When user has configured a large number of virtual netdev, such
as 4K vlans, the carrier on/off operation of the real netdev
will also cause it's virtual netdev's link state to be processed
in linkwatch. Currently, the processing is done in a work queue,
which may cause rtnl locking starvation problem and worker
starvation problem for other work queue, such as irqfd_inject wq.

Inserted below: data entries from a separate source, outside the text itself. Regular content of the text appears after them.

Lemma approx_gap_cvg0 : approx_gap @ \oo --> 0.
Proof.
apply/cvgr0Pnorm_lt => e e0.
have [d d0 Fd] := continuous_unif F_cont _ e0.
have : \forall n \near \oo, `|harmonic (lev n)| < d.
  exact: cvgr0_norm_lt _ (cvg_comp _ _ (level_cvg _) cvg_harmonic) _ d0.
apply: filterS => n; rewrite ger0_norm ?harmonic_ge0 // normr_id => hn.
by apply: Fd; apply: le_ball (ball_center _ _); exact: ltW.
Qed.

Lemma regret_bound_cvg0 : regret_bound @ \oo --> 0.
Proof.
have mean_cvg0 : (fun N => N%:R^-1 * \sum_(0 <= n < N) approx_gap n) @ \oo --> 0.
  by rewrite -cvg_shiftS; exact: cesaro approx_gap_cvg0.
have -> : 0 = 16 * Y ^+ 2 * 0 + (2 * Y + 2 * M) * 0 :> R by rewrite !mulr0 addr0.
apply: cvgD; apply: cvgM; rewrite ?mean_cvg0 //; try exact: cvg_cst.
exact: cvg_comp _ _ (level_cvg _) cvg_harmonic.
Qed.

End PredictorRegret.

End CompactQuantization.

Theorem theorem1 (R : realType) (X : metricType R) (hX : compact [set: X])
  (Y : R) (hY : 0 < Y) :
  exists S : strategy R X,
    forall (F : X -> R), continuous F ->
    forall (x : nat -> X) (y : nat -> R), (forall n, `|y n| <= Y) ->
      (limn_esup (fun N => (avg_diff S F x y N)%:E) <= 0)%E.
Proof.
exists (predictor hX) => F F_cont x y y_bound.
have [M F_bound] := continuous_bounded hX F_cont.
apply: limn_esup_le0 (avg_diff_predictor_le hX F_bound y_bound) _.
exact: regret_bound_cvg0.
Qed.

This patch releases the cpu when link watch worker has processed
a fixed number of netdev' link watch event, and schedule the
work queue again when there is still link watch event remaining.

Signed-off-by: Yunsheng Lin <linyunsheng@huawei.com>
---
V2: use cond_resched and rtnl_unlock after processing a fixed
    number of events
V3: fall back to v1 and change commit log to reflect that.
---
---
 net/core/link_watch.c | 13 ++++++++++++-
 1 file changed, 12 insertions(+), 1 deletion(-)

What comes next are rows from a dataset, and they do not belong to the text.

(* Let $A=(a_{ij})\in\mathcal{B}^{m,n}$ and let $k$ be a field. Let $k[A]=k[x_{ij} : a_{ij}=1]$, let $A[x]$ be the matrix over $k[A]$ with $A[x]_{ij}=x_{ij}$ if $a_{ij}=1$ and $0$ otherwise, and let $I_2(A[x])$ be the ideal of $k[A]$ generated by the $2\times2$ minors of $A[x]$. Let $\Delta_A$ be the simplicial complex on the vertex set $\{a_{ij} : a_{ij}=1\}$ whose faces are the isolated sets of $A$, and let $I_{\Delta_A}\subseteq k[A]$ be its Stanley–Reisner ideal, i.e. the ideal generated by the monomials $\prod_{a_{ij}\in S}x_{ij}$ for all subsets $S$ of the vertices with $S\notin\Delta_A$. Then \[ I_{\Delta_A}=\big(x_{ij}x_{k\ell} : (i,j)\neq(k,\ell),\ a_{ij}=a_{k\ell}=1,\ x_{ij}x_{k\ell}\notin I_2(A[x])\big). \]
   Context: $\mathcal{B}^{m,n}$ denotes $m\times n$ matrices with entries in the Boolean semiring $\{0,1\}$ with $\vee$ (or), $\wedge$ (and). A pair of entries $\{a_{ij},a_{k\ell}\}$ is isolated if $a_{ij}=a_{k\ell}=1$ and $a_{i\ell}\wedge a_{kj}=0$. A subset $T$ of the entries of $A$ equal to $1$ is an isolated set if it has size one or every pair of its elements is isolated (the empty set is also a face of $\Delta_A$). *)

From HB Require Import structures.
From mathcomp Require Import all_boot all_order all_algebra.
From mathcomp Require Import mpoly.
Set Implicit Arguments. Unset Strict Implicit. Unset Printing Implicit Defensive.
Import GRing.Theory.
Local Open Scope ring_scope.

(* Boolean matrices B^{m,n} are 'M[bool]_(m,n); entry a_ij = 1 iff A i j = true. *)

Definition Vert (m n : nat) (A : 'M[bool]_(m, n)) : finType :=
  {p : 'I_m * 'I_n | A p.1 p.2}.

(* k[A] = k[x_ij : a_ij = 1]: variables indexed by the vertices (via enum_rank). *)
Definition kA (k : fieldType) (m n : nat) (A : 'M[bool]_(m, n)) :=
  {mpoly k[#|Vert A|]}.

Definition xv (k : fieldType) (m n : nat) (A : 'M[bool]_(m, n)) (v : Vert A)
  : kA k A := 'X_(enum_rank v).

Definition Ax (k : fieldType) (m n : nat) (A : 'M[bool]_(m, n))
  : 'M[kA k A]_(m, n) :=
  \matrix_(i, j) match (insub (i, j) : option (Vert A)) with
                 | Some v => xv k v
                 | None => 0
                 end.

Definition in_ideal (R : comRingType) (G : R -> Prop) (p : R) : Prop :=
  exists s : seq (R * R), (forall c, c \in s -> G c.2) /\
                          p = \sum_(c <- s) c.1 * c.2.

Definition minors2 (k : fieldType) (m n : nat) (A : 'M[bool]_(m, n))
  (p : kA k A) : Prop :=
  exists (i1 i2 : 'I_m) (j1 j2 : 'I_n), (i1 < i2)%N /\ (j1 < j2)%N /\
    p = Ax k A i1 j1 * Ax k A i2 j2 - Ax k A i1 j2 * Ax k A i2 j1.

Definition isolated_pair (m n : nat) (A : 'M[bool]_(m, n)) (v w : Vert A) : bool :=
  let: (i, j) := val v in let: (k, l) := val w in ~~ (A i l && A k j).

(* isolated set: size one, or every pair of (distinct) elements isolated;
   the empty set is included as well *)
Definition isolated_set (m n : nat) (A : 'M[bool]_(m, n)) (T : {set Vert A}) : bool :=
  (#|T| <= 1)%N || [forall v in T, forall w in T, (v != w) ==> isolated_pair v w].

Definition SR_gens (k : fieldType) (m n : nat) (A : 'M[bool]_(m, n))
  (p : kA k A) : Prop :=
  exists S : {set Vert A}, ~~ isolated_set S /\ p = \prod_(v in S) xv k v.

Definition quad_gens (k : fieldType) (m n : nat) (A : 'M[bool]_(m, n))
  (p : kA k A) : Prop :=
  exists v w : Vert A, v != w /\ ~ in_ideal (@minors2 k m n A) (xv k v * xv k w)
                       /\ p = xv k v * xv k w.

From HB Require Import structures.
From mathcomp Require Import all_boot all_order all_algebra.
From mathcomp Require Import mpoly.
Set Implicit Arguments. Unset Strict Implicit. Unset Printing Implicit Defensive.
Import GRing.Theory.
Local Open Scope ring_scope.

(* A set of vertices is a non-face exactly when it contains a non-isolated
   pair, so both ideals are generated by the quadratics x_v x_w of the
   non-isolated pairs once we know that, for v = (i,j) and w = (k,l),
   x_v x_w lies in I_2(A[x]) iff {v, w} is isolated.  If it is, the cross term
   x_il x_kj of the minor on rows {i,k} and columns {j,l} vanishes, so x_v x_w
   is that minor up to sign.  If not, a_il = a_kj = 1, and sending x_u to 1 on
   the rectangle {i,k} x {j,l} and to 0 elsewhere maps A[x] to a rank-one 0/1
   matrix: this kills every 2x2 minor but not x_v x_w. *)

Section IdealGeneration.
Variable R : comNzRingType.
Implicit Type G H : R -> Prop.

Lemma in_ideal_gen G g : G g -> in_ideal G g.
Proof.
by move=> Gg; exists [:: (1, g)]; rewrite big_seq1 mul1r; split => // c /[!inE] /eqP ->.
Qed.

Lemma in_idealD G p q : in_ideal G p -> in_ideal G q -> in_ideal G (p + q).
Proof.
move=> [s [Gs ->]] [t [Gt ->]]; exists (s ++ t); rewrite big_cat; split => // c.
by rewrite mem_cat => /orP[/Gs|/Gt].
Qed.

Lemma in_idealMl G r p : in_ideal G p -> in_ideal G (r * p).
Proof.
move=> [s [Gs ->]]; exists [seq (r * c.1, c.2) | c <- s]; split.
  by move=> _ /mapP[c cs ->] /=; apply: Gs.
by rewrite big_map mulr_sumr; apply: eq_bigr => c _; rewrite mulrA.
Qed.

Lemma in_idealN G p : in_ideal G p -> in_ideal G (- p).
Proof. by rewrite -mulN1r; apply: in_idealMl. Qed.

Lemma in_ideal_dvd_gens G H p :
  (forall g, G g -> exists r h, H h /\ g = r * h) ->
  in_ideal G p -> in_ideal H p.
Proof.
move=> GH [s [Gs ->]]; elim: s Gs => [|c s IHs] Gs.
  by exists [::]; rewrite !big_nil.
rewrite big_cons; apply: in_idealD; last first.
  by apply: IHs => d ds; apply: Gs; rewrite inE ds orbT.
have [r [h [Hh ->]]] := GH _ (Gs c (mem_head _ _)).
by rewrite mulrA; apply/in_idealMl/in_ideal_gen.
Qed.

Lemma in_ideal_rmorph_eq0 G (S : comNzRingType) (f : {rmorphism R -> S}) p :
  (forall g, G g -> f g = 0) -> in_ideal G p -> f p = 0.
Proof.
move=> fG [s [Gs ->]]; rewrite rmorph_sum big1_seq // => c cs.
by rewrite rmorphM (fG c.2) ?mulr0 //; apply: Gs.
Qed.

End IdealGeneration.

Section IsolatedPairs.
Variables (k : fieldType) (m n : nat) (A : 'M[bool]_(m, n)).

Lemma isolated_pairC (v w : Vert A) : isolated_pair v w = isolated_pair w v.
Proof. by case: v w => [[i j] ?] [[i' j'] ?]; rewrite /isolated_pair /= andbC. Qed.

Lemma isolated_set2 (v w : Vert A) :
  v != w -> isolated_set [set v; w] = isolated_pair v w.
Proof.
move=> vw; rewrite /isolated_set cards2 vw /=.
apply/forall_inP/idP => [iso | vw_iso u].
  by move/forall_inP: (iso v (set21 v w)) => /(_ w (set22 v w)); rewrite vw.
rewrite !inE => /orP[] /eqP -> /=; apply/forall_inP => u'; rewrite !inE;
  case/orP=> /eqP ->; rewrite ?eqxx ?vw_iso ?implybT //.
by rewrite isolated_pairC vw_iso implybT.
Qed.

Lemma not_isolated_setP (S : {set Vert A}) :
  ~~ isolated_set S ->
  exists v w, [/\ v \in S, w \in S, v != w & ~~ isolated_pair v w].
Proof.
rewrite negb_or => /andP[_ /forall_inPn[v vS /forall_inPn[w wS]]].
by rewrite negb_imply => /andP[vw not_iso]; exists v, w.
Qed.

Lemma AxE (v : Vert A) : Ax k A (val v).1 (val v).2 = xv k v.
Proof. by rewrite mxE -surjective_pairing valK. Qed.

Lemma Ax0 i j : ~~ A i j -> Ax k A i j = 0.
Proof. by move=> /negbTE Aij; rewrite mxE insubF. Qed.

Definition minor2 (i1 i2 : 'I_m) (j1 j2 : 'I_n) : kA k A :=
  Ax k A i1 j1 * Ax k A i2 j2 - Ax k A i1 j2 * Ax k A i2 j1.

Lemma minor2_swap_rows i1 i2 j1 j2 : minor2 i2 i1 j1 j2 = - minor2 i1 i2 j1 j2.
Proof. by rewrite /minor2 opprB [Ax k A i2 _ * _]mulrC [X in _ - X]mulrC. Qed.

Lemma minor2_swap_cols i1 i2 j1 j2 : minor2 i1 i2 j2 j1 = - minor2 i1 i2 j1 j2.
Proof. by rewrite /minor2 opprB. Qed.

Lemma minor2_in_I2 i1 i2 j1 j2 :
  i1 != i2 -> j1 != j2 -> in_ideal (@minors2 k m n A) (minor2 i1 i2 j1 j2).
Proof.
wlog lt_i : i1 i2 / (i1 < i2)%N => [gen ne_i ne_j|].
  case: (ltngtP i1 i2) => [lt_i|lt_i|/val_inj eq_i]; first exact: gen.
    rewrite -[minor2 _ _ _ _]opprK -minor2_swap_rows.
    by apply/in_idealN/gen; rewrite // eq_sym.
  by rewrite eq_i eqxx in ne_i.
wlog lt_j : j1 j2 / (j1 < j2)%N => [gen ne_i ne_j|].
  case: (ltngtP j1 j2) => [lt_j|lt_j|/val_inj eq_j]; first exact: gen.
    rewrite -[minor2 _ _ _ _]opprK -minor2_swap_cols.
    by apply/in_idealN/gen; rewrite // eq_sym.
  by rewrite eq_j eqxx in ne_j.
by move=> _ _; apply: in_ideal_gen; exists i1, i2, j1, j2.
Qed.

Lemma isolated_pair_in_I2 (v w : Vert A) :
  isolated_pair v w -> in_ideal (@minors2 k m n A) (xv k v * xv k w).
Proof.
rewrite -(AxE v) -(AxE w); case: v w => [[i j] /= Av] [[i' j'] /= Aw].
rewrite /isolated_pair /= => iso.
have cross0 : Ax k A i j' * Ax k A i' j = 0.
  by case/nandP: iso => /Ax0->; rewrite ?mul0r ?mulr0.
have ne_i : i != i'.
  by apply: contraNneq iso => eq_i; rewrite -eq_i in Aw *; rewrite Av Aw.
have ne_j : j != j'.
  by apply: contraNneq iso => eq_j; rewrite -eq_j in Aw *; rewrite Av Aw.
suff -> : Ax k A i j * Ax k A i' j' = minor2 i i' j j' by exact: minor2_in_I2.
by rewrite /minor2 cross0 subr0.
Qed.

Lemma meval_Ax (P : pred ('I_m * 'I_n)) i j :
  meval (fun r => (P (val (enum_val r)))%:R) (Ax k A i j) = (A i j && P (i, j))%:R.
Proof.
rewrite mxE; case: insubP => [u /= Aij <-|/negbTE ->]; last by rewrite meval0.
by rewrite mevalXU enum_rankK Aij.
Qed.

Lemma not_isolated_pair_notin_I2 (v w : Vert A) :
  ~~ isolated_pair v w -> ~ in_ideal (@minors2 k m n A) (xv k v * xv k w).
Proof.
case: v w => [[i j] /= Av] [[i' j'] /= Aw].
rewrite /isolated_pair /= negbK => /andP[Ajl Akj].
pose rows (a : 'I_m) := (a == i) || (a == i').
pose cols (b : 'I_n) := (b == j) || (b == j').
pose P := [pred u : 'I_m * 'I_n | rows u.1 && cols u.2].
pose e (r : 'I_#|Vert A|) : k := (P (val (enum_val r)))%:R.
have ev_Ax a b : meval e (Ax k A a b) = (rows a && cols b)%:R.
  rewrite meval_Ax /=; case ra: (rows a); case cb: (cols b); rewrite ?andbF //=.
  move: ra cb; rewrite andbT /rows /cols => /orP[]/eqP-> /orP[]/eqP->;
  by rewrite ?Av ?Aw ?Ajl ?Akj.
have ev_minors2 g : minors2 g -> meval e g = 0.
  move=> [i1 [i2 [j1 [j2 [_ [_ ->]]]]]].
  rewrite rmorphB !rmorphM /= !ev_Ax -!natrM -!mulnb.
  by case: (rows i1); case: (rows i2); case: (cols j1); case: (cols j2); rewrite subrr.
move=> /(in_ideal_rmorph_eq0 ev_minors2)/eqP; apply/negP.
rewrite rmorphM /= /xv !mevalXU /e !enum_rankK /P /rows /cols /= !eqxx ?orbT.
by rewrite mulr1 oner_eq0.
Qed.

Lemma quadratic_in_I2 (v w : Vert A) :
  in_ideal (@minors2 k m n A) (xv k v * xv k w) <-> isolated_pair v w.
Proof.
split; last exact: isolated_pair_in_I2.
by move=> inI2; apply/negPn/negP => /not_isolated_pair_notin_I2; apply.
Qed.

End IsolatedPairs.

Theorem corollary4p15 (k : fieldType) (m n : nat) (A : 'M[bool]_(m, n))
  (p : kA k A) :
  in_ideal (@SR_gens k m n A) p <-> in_ideal (@quad_gens k m n A) p.
Proof.
split; apply: in_ideal_dvd_gens => g.
- move=> [S [/not_isolated_setP[v [w [vS wS vw not_iso]]] ->]].
  exists (\prod_(u in S :\ v :\ w) xv k u), (xv k v * xv k w); split.
    by exists v, w; split => //; split => // /quadratic_in_I2; apply/negP.
  rewrite (bigD1 v) //= (bigD1 w) /=; last by rewrite wS eq_sym vw.
  rewrite mulrA mulrC; congr (_ * _); apply: eq_bigl => u.
  by rewrite !inE andbC (andbC (u \in S)).
- move=> [v [w [vw [notinI2 ->]]]].
  exists 1, (xv k v * xv k w); rewrite mul1r; split => //.
  exists [set v; w]; rewrite big_setU1 ?inE //= big_set1; split => //.
  by rewrite isolated_set2 //; apply/negP => /quadratic_in_I2.
Qed.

diff --git a/net/core/link_watch.c b/net/core/link_watch.c
index 04fdc95..f153e06 100644
--- a/net/core/link_watch.c
+++ b/net/core/link_watch.c
@@ -163,9 +163,16 @@ static void linkwatch_do_dev(struct net_device *dev)
 
 static void __linkwatch_run_queue(int urgent_only)
 {
+#define MAX_DO_DEV_PER_LOOP	100
+
+	int do_dev = MAX_DO_DEV_PER_LOOP;
 	struct net_device *dev;
 	LIST_HEAD(wrk);
 
+	/* Give urgent case more budget */
+	if (urgent_only)
+		do_dev += MAX_DO_DEV_PER_LOOP;
+
 	/*
 	 * Limit the number of linkwatch events to one
 	 * per second so that a runaway driver does not
@@ -184,7 +191,7 @@ static void __linkwatch_run_queue(int urgent_only)
 	spin_lock_irq(&lweventlist_lock);
 	list_splice_init(&lweventlist, &wrk);
 
-	while (!list_empty(&wrk)) {
+	while (!list_empty(&wrk) && do_dev > 0) {
 
 		dev = list_first_entry(&wrk, struct net_device, link_watch_list);
 		list_del_init(&dev->link_watch_list);
@@ -195,9 +202,13 @@ static void __linkwatch_run_queue(int urgent_only)
 		}
 		spin_unlock_irq(&lweventlist_lock);
 		linkwatch_do_dev(dev);
+		do_dev--;
 		spin_lock_irq(&lweventlist_lock);
 	}
 
+	/* Add the remaining work back to lweventlist */
+	list_splice_init(&wrk, &lweventlist);
+
 	if (!list_empty(&lweventlist))
 		linkwatch_schedule_work(0);
 	spin_unlock_irq(&lweventlist_lock);